DATASET RECORDS ▸
(* Let $n>3$ and let $a<b<c$ be elements of $\mathcal{C}_n$. Then the triangle $\triangle^{(n)}\{a,b,c\}$ has at least one right identity and has no left identity.
   Context: $\mathcal{C}_n=\{0,1,\dots,n-1\}$ with its usual order; $\widehat{\mathcal{E}}_{\mathcal{C}_n}$ is the set of all order-preserving maps $\mathcal{C}_n\to\mathcal{C}_n$ (not required to fix $0$), a semiring with $(\alpha+\beta)(x)=\max(\alpha(x),\beta(x))$ and $(\alpha\cdot\beta)(x)=\beta(\alpha(x))$. The triangle $\triangle^{(n)}\{a,b,c\}$ is the subsemiring of all $\alpha\in\widehat{\mathcal{E}}_{\mathcal{C}_n}$ with image contained in $\{a,b,c\}$. A right (resp. left) identity of a semiring $R$ is $e\in R$ with $xe=x$ (resp. $ex=x$) for all $x\in R$. *)

From mathcomp Require Import all_boot.
Set Implicit Arguments. Unset Strict Implicit. Unset Printing Implicit Defensive.

(* C_n = 'I_n with its usual order; maps C_n -> C_n are finite functions. *)
Definition emap (n : nat) := {ffun 'I_n -> 'I_n}.

(* order-preserving maps (not required to fix 0) *)
Definition order_preserving n (f : emap n) : bool :=
  [forall x : 'I_n, forall y : 'I_n, (x <= y) ==> (f x <= f y)].

Definition Ehat n : {set emap n} := [set f | order_preserving f].

Definition sadd n (al be : emap n) : emap n :=
  [ffun x => if al x <= be x then be x else al x].
Definition smul n (al be : emap n) : emap n := [ffun x => be (al x)].

Definition triangle n (a b c : 'I_n) : {set emap n} :=
  [set f in Ehat n | [forall x, f x \in [:: a; b; c]]].

Definition is_right_identity n (R : {set emap n}) (e : emap n) : Prop :=
  e \in R /\ forall x, x \in R -> smul x e = x.
Definition is_left_identity n (R : {set emap n}) (e : emap n) : Prop :=
  e \in R /\ forall x, x \in R -> smul e x = x.

(* Rounding up to the next point of {a, b, c} is order-preserving, fixes a, b
   and c, and so acts as a right identity on maps with image in {a, b, c}.
   A left identity e would satisfy f (e y) = f y for every f in the triangle;
   the two-valued threshold maps separate points, so e would be the identity.
   But e has image in {a, b, c}, which misses a point of C_n when n > 3. *)

From mathcomp Require Import all_boot.
From mathcomp Require Import zify.

Definition round_up {n} (a b c : 'I_n) : emap n :=
  [ffun y : 'I_n => if y <= a then a else if y <= b then b else c].

Definition threshold {n} (a b k : 'I_n) : emap n :=
  [ffun t : 'I_n => if t <= k then a else b].

Section Triangle.

Context {n : nat} {a b c : 'I_n}.

Lemma triangle_range {f : emap n} x :
  f \in triangle a b c -> f x \in [:: a; b; c].
Proof. by rewrite inE => /andP[_ /forallP]. Qed.

Lemma triangleI (f : emap n) :
  {homo f : x y / x <= y} -> (forall x, f x \in [:: a; b; c]) ->
  f \in triangle a b c.
Proof.
move=> mono range; rewrite !inE; apply/andP; split; last exact/forallP.
by apply/forallP=> x; apply/forallP=> y; apply/implyP; apply: mono.
Qed.

Hypothesis lt_ab : a < b.

Lemma threshold_in_triangle k : threshold a b k \in triangle a b c.
Proof.
apply: triangleI => [x y le_xy|x]; rewrite !ffunE.
  by do ![case: ifP]; lia.
by case: ifP; rewrite !inE eqxx ?orbT.
Qed.

Lemma threshold_separates {y z : 'I_n} :
  y != z -> exists k, threshold a b k y != threshold a b k z.
Proof.
move=> ne_yz; exists (if y <= z then y else z).
rewrite -val_eqE /= !ffunE; move: ne_yz lt_ab; rewrite -!val_eqE /=.
by do ![case: ifP]; lia.
Qed.

Lemma left_identity_id {e : emap n} :
  is_left_identity (triangle a b c) e -> forall y, e y = y.
Proof.
case=> _ e_left y; apply/eqP; apply: contraT => ne_ey.
have [k] := threshold_separates ne_ey.
have /ffunP/(_ y) := e_left _ (threshold_in_triangle k).
by rewrite ffunE => ->; rewrite eqxx.
Qed.

Hypothesis lt_bc : b < c.

Lemma round_up_in_triangle : round_up a b c \in triangle a b c.
Proof.
apply: triangleI => [x y le_xy|x]; rewrite !ffunE.
  by do ![case: ifP]; lia.
by do ![case: ifP]; rewrite !inE eqxx ?orbT.
Qed.

Lemma round_up_fixed x : x \in [:: a; b; c] -> round_up a b c x = x.
Proof.
by rewrite ffunE !inE => /or3P[] /eqP ->; do ![case: ifP => ?] => //; lia.
Qed.

Lemma round_up_right_identity : is_right_identity (triangle a b c) (round_up a b c).
Proof.
split; first exact: round_up_in_triangle.
move=> f f_tri; apply/ffunP=> x; rewrite ffunE.
exact/round_up_fixed/triangle_range.
Qed.

End Triangle.

Lemma exists_ord_notin {n} (s : seq 'I_n) : size s < n -> exists y, y \notin s.
Proof.
move=> lt_s_n; apply/existsP; apply: contraLR lt_s_n.
rewrite negb_exists -leqNgt => /forallP all_in.
apply: leq_trans (card_size s); rewrite -[X in X <= _]card_ord.
by apply/subset_leq_card/subsetP => y _; have := all_in y; rewrite negbK.
Qed.

Theorem proposition24 (n : nat) (a b c : 'I_n) :
  3 < n -> a < b -> b < c ->
  (exists e, is_right_identity (triangle a b c) e) /\
  ~ (exists e, is_left_identity (triangle a b c) e).
Proof.
move=> n_gt3 lt_ab lt_bc; split.
  by exists (round_up a b c); apply: round_up_right_identity.
case=> e e_left; have [y] := exists_ord_notin [:: a; b; c] n_gt3.
by rewrite -(left_identity_id lt_ab e_left y) (triangle_range y e_left.1).
Qed.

WHAT YOU ARE ASKED TO DO ▸
If a line in the entries above contains "Context", report it.

ANSWER ▸
   Context: $\mathcal{C}_n=\{0,1,\dots,n-1\}$ with its usual order; $\widehat{\mathcal{E}}_{\mathcal{C}_n}$ is the set of all order-preserving maps $\mathcal{C}_n\to\mathcal{C}_n$ (not required to fix $0$), a semiring with $(\alpha+\beta)(x)=\max(\alpha(x),\beta(x))$ and $(\alpha\cdot\beta)(x)=\beta(\alpha(x))$. The triangle $\triangle^{(n)}\{a,b,c\}$ is the subsemiring of all $\alpha\in\widehat{\mathcal{E}}_{\mathcal{C}_n}$ with image contained in $\{a,b,c\}$. A right (resp. left) identity of a semiring $R$ is $e\in R$ with $xe=x$ (resp. $ex=x$) for all $x\in R$. *)
Context {n : nat} {a b c : 'I_n}.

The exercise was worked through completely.